(DATA EXTRACTS)
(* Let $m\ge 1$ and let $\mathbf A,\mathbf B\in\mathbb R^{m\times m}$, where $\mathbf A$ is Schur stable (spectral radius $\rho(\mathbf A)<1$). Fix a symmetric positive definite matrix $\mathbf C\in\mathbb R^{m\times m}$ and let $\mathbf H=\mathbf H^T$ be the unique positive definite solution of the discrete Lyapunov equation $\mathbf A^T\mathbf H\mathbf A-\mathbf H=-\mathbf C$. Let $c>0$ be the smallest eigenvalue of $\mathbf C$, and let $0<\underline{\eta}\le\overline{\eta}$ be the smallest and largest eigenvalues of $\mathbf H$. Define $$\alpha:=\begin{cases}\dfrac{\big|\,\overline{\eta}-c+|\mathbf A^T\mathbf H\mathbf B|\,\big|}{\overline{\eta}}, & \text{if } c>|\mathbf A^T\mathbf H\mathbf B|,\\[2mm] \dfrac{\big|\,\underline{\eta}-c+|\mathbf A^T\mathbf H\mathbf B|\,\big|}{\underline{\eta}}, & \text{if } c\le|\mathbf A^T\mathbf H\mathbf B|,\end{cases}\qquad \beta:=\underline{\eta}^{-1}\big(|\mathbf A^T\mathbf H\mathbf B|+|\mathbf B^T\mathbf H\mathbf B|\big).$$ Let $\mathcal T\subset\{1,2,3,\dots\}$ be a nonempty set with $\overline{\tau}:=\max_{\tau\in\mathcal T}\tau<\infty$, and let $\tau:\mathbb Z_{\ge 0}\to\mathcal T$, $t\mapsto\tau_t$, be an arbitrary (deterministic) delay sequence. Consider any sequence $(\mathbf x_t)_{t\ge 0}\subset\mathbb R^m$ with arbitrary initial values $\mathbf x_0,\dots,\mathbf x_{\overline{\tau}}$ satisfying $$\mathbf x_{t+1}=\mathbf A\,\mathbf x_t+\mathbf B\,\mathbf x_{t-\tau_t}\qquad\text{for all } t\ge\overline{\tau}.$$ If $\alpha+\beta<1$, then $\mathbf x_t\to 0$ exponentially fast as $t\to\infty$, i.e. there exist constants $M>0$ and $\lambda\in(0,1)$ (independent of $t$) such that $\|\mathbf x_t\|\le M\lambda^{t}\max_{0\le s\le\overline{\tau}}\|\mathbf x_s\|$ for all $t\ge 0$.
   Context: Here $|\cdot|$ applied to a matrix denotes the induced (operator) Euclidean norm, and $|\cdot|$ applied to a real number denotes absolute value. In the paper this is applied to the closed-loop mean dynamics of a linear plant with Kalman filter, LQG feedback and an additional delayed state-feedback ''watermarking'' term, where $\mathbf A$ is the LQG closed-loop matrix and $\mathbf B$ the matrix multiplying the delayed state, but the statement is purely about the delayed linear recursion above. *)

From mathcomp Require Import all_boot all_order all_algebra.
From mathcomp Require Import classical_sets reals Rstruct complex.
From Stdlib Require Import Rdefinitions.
(End DATA EXTRACTS)
(DATA EXTRACTS)
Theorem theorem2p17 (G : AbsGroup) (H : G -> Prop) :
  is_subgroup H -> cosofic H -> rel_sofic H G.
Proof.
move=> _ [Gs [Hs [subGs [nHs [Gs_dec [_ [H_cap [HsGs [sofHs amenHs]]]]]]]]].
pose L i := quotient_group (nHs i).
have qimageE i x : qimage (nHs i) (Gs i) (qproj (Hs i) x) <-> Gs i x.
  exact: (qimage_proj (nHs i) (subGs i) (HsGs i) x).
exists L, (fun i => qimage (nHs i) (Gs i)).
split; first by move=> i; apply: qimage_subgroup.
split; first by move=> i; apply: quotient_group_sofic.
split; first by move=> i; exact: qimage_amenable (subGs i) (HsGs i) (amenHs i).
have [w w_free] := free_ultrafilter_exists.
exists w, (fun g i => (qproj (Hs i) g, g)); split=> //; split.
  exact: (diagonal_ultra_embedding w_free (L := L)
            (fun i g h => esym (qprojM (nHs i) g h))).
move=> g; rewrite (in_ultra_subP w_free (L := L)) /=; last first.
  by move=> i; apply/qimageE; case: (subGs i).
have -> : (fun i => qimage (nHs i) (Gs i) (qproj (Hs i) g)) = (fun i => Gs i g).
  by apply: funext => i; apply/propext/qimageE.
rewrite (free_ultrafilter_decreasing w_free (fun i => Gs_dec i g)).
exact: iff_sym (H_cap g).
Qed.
(End DATA EXTRACTS)
Copy all lines above where "split" is present.

_RESULT OF THE EXERCISE_
split; first by move=> i; apply: qimage_subgroup.
split; first by move=> i; apply: quotient_group_sofic.
split; first by move=> i; exact: qimage_amenable (subGs i) (HsGs i) (amenHs i).
exists w, (fun g i => (qproj (Hs i) g, g)); split=> //; split.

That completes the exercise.